Le nostre innegabili diversità caratteriali e il nostro multiforme modo di agire sono dunque dovuti al fatto che – ovviamente – ognuno di noi durante la vita si forma un set diverso di simboli, perché ognuno di noi fa diverse esperienze. Non esistono due persone che si comporterebbero sempre allo stesso modo nelle medesime situazioni (2). Ma, per tutto ciò che ho detto sopra, non si tratta di libero arbitrio. Anche se può sembrare che lo sia, e ci fa parecchio comodo ed è gratificante pensarlo, siamo solo guidati dagli input differenti che incontriamo. Siamo conseguenze dell’ambiente: noi e le nostre azioni. Siamo uno sterminato campo di girasoli sotto un cielo d’infiniti soli-stimolo che fuggono via nelle più impensate direzioni. Siamo tutto il campo, non i singoli girasoli.

Tornando a Parigi, dopo questa lunga digressione: perché avevo l’impressione (talvolta) che le parole mi sfuggissero di bocca?
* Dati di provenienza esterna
(* Let $M$ be a categorical monoid, $\mathcal F$ a family of finite subgroups of $\mathrm{Ob}(M)$, and $G$ a discrete group. Let $f\colon C\to D$ be a $\mathcal G_{\mathcal F,G}$-equivalence in $(M\times G)\text{-}\mathbf{Cat}$ such that $G$ acts freely on both $C$ and $D$. Then the induced functor of orbit categories $f/G\colon C/G\to D/G$ is an $\mathcal F$-equivalence in $M\text{-}\mathbf{Cat}$.
   Context: A categorical monoid is a strict monoidal category; $M\text{-}\mathbf{Cat}$ denotes small categories with strict $M$-action. A family of finite subgroups is a collection closed under subgroups and conjugation. For a subgroup $H$ and an $M$-category $C$, $C^H$ is the subcategory of $H$-fixed objects and morphisms; a map $f$ is an $\mathcal F$-equivalence if $f^H$ is an equivalence of categories for all $H\in\mathcal F$. $\mathcal G_{\mathcal F,G}$ is the collection of graph subgroups $\Gamma_{H,\phi}=\{(h,\phi(h)):h\in H\}\subset \mathrm{Ob}(M)\times G$ with $H\in\mathcal F$ and $\phi\colon H\to G$ a homomorphism. $G$ acts freely on a category if it acts freely on its set of objects (hence on morphisms). $C/G$ denotes the quotient (colimit) in $\mathbf{Cat}$ with the induced $M$-action. *)

(* Categories are small, presented by a type of
   objects, a type of morphisms, source/target/identity and a total composition
   function whose laws are required only on composable pairs. *)
From Stdlib Require Import List ClassicalEpsilon ProofIrrelevance.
Dennett direbbe che non ero in grado di esercitare la giusta censura sui “folletti”-parole che arrivano da qualche parte (“il pandemonio”) dentro di me e che “mi fanno” dire le cose. Ma ciò implica che io abbia un ruolo attivo, o almeno, mi suona così. Io non credo che si tratti di mancanza di censura. Non credo di avere un ruolo attivo, e in questo mi trovo più d’accordo con Hofstadter. Credo che, più banalmente, stanchezza (e alcool) disturbino la comunicazione tra mezzi di percezione e formazione di simboli. Così  in tali circostanze il mio comportamento “automatico” è “adeguato”, sì, ma ad una situazione mal percepita o fraintesa. In sé il mio comportamento è sempre giusto e appropriato:  in questi casi è solo relazionato a un ambiente (interno e esterno) non perfettamente percepito.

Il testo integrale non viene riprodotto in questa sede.